Stored records:
Lemma conference_dist_mx_spectrum (R : numFieldType) n (A : 'M[R]_n) (m : nat)
    (a b : R) :
  let J := const_mx 1 : 'M[R]_n in
  n = (4 * m + 1)%N -> (forall i, A i i = 0) ->
  A *m A = (2 * m%:R)%:M + (m%:R - 1) *: A + m%:R *: (J - 1%:M - A) ->
  A *m J = (2 * m%:R) *: J -> J *m A = (2 * m%:R) *: J ->
  a + b = -3 -> a * b = 2 - m%:R -> uniq [:: 6 * m%:R; a; b] ->
  exists2 s, char_poly (2 *: (J - 1%:M) - A) = \prod_(x <- s) ('X - x%:P)
           & perm_eq s (nseq 1 (6 * m%:R) ++ nseq (2 * m) a ++ nseq (2 * m) b).
Proof.
move=> J nE A0 AA AJ JA ab_sum ab_prod tab.
have nR : n%:R = 4 * m%:R + 1 :> R by rewrite nE natrD natrM.
have JJ : J *m J = (4 * m%:R + 1) *: J by rewrite mulmx_const1 nR.
have [s [cpE sub psum]] := annihilated_mx_spectrum tab
  (conference_dist_mx_annihilated AA AJ JA JJ ab_sum ab_prod).
exists s => //; apply: spectrum3_from_power_sums => // i i_lt3.
have bE : b = -3 - a by rewrite -ab_sum addrC addKr.
have mE : m%:R = 2 - a * b by rewrite ab_prod opprB addrC subrK.
rewrite -psum natrM; move: i_lt3; case: i => [|[|[|//]]] _.
- by rewrite expr0 mxtrace1 nR; ring.
- rewrite expr1 /mxtrace; under eq_bigr do rewrite !mxE eqxx A0.
  by rewrite sumr_const card_ord /= bE; ring.
rewrite expr2 -mulmxE (conference_dist_mx_sqr AA AJ JA JJ) /mxtrace.
under eq_bigr do rewrite !mxE eqxx A0.
by rewrite sumr_const card_ord /= mulr1n -[_ *+ n]mulr_natr nR mE bE; ring.
Qed.

Lemma conference_eigenvalues (R : rcfType) (m : nat) : (2 < m)%N ->
  let s := Num.sqrt (4 * m%:R + 1) : R in
  let a := (-3 - s) / 2 in let b := (-3 + s) / 2 in
  [/\ a + b = -3, a * b = 2 - m%:R, uniq [:: 6 * m%:R; a; b], a < 0 & 0 < b].
Proof.
move=> m_gt2 s a b; have m3 : 3 <= m%:R :> R by rewrite (ler_nat R 3).
have s2 : s ^+ 2 = 4 * m%:R + 1 by rewrite sqr_sqrtr //; lra.
have s3 : 3 < s by have := sqrtr_ge0 (4 * m%:R + 1 : R); rewrite -/s; nra.
have a_neg : a < 0 by rewrite /a; lra.
have b_pos : 0 < b by rewrite /b; lra.
split=> //; first by rewrite /a /b; field.
- have -> : a * b = (9 - s ^+ 2) / 4 by rewrite /a /b; field.
  by rewrite s2; field.
rewrite /= !inE !negb_or -!andbA; apply/and4P; split => //; apply/eqP => e.
- by move: a_neg; rewrite -e; lra.
- by move: s2; rewrite /b in e; nra.
- by move: a_neg b_pos; rewrite e; lra.
Qed.

Local Close Scope ring_scope.

Theorem theorem1 (R : rcfType) (T : finType) (adj : rel T) (v k lam mu : nat) :
  strongly_regular adj v k lam mu ->
  2 * k + 1 = v -> 4 * lam + 5 = v -> 4 * mu + 1 = v ->
  9 < v ->
  connected_graph adj ->
  optimistic R adj.
Proof.
move=> srg e1 e2 e3 v9 _; have [[sym irr] card_v _ _ nadjE] := srg.
have card_T : #|T| = 4 * mu + 1 by lia.
have common u w : u != w -> ~~ adj u w -> exists2 z, adj u z & adj z w.
  move=> uw uNw; have : 0 < #|[set z | adj u z && adj w z]| by rewrite nadjE //; lia.
  by case/card_gt0P => z; rewrite inE (sym w) => /andP[]; exists z.
have kR : (k%:R = 2 * mu%:R :> R)%R by rewrite (_ : k = 2 * mu) ?natrM //; lia.
have lamR : (lam%:R = mu%:R - 1 :> R)%R by rewrite (_ : mu = lam.+1) ?mulrSr ?addrK //; lia.
have AA := adj_mx_sqr R srg; have AJ := adj_mx_mulJ R srg; have JA := mulJ_adj_mx R srg.
rewrite kR lamR in AA AJ JA.
have [ab_sum ab_prod tab a_neg b_pos] := @conference_eigenvalues R mu ltac:(lia).
have [s cpE spE] := conference_dist_mx_spectrum card_T (adj_mx_diag R srg) AA AJ JA
  ab_sum ab_prod tab.
rewrite /optimistic /n_pos /n_neg (dist_matrix_diam2 R irr ltac:(lia) common) cpE.
rewrite !sum_mu_rootsR_prod_XsubC !(permP spE) !count_cat !count_nseq /=.
have t_pos : (0 < 6 * mu%:R :> R)%R by rewrite mulr_gt0 // ltr0n; lia.
by rewrite a_neg b_pos t_pos (lt_gtF t_pos) (lt_gtF a_neg) (lt_gtF b_pos) /=; lia.
Qed.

▶ **Problem**: Using the entries above, return each line that includes the word "case".

▶ **Response area**:
rewrite -psum natrM; move: i_lt3; case: i => [|[|[|//]]] _.
  by case/card_gt0P => z; rewrite inE (sym w) => /andP[]; exists z.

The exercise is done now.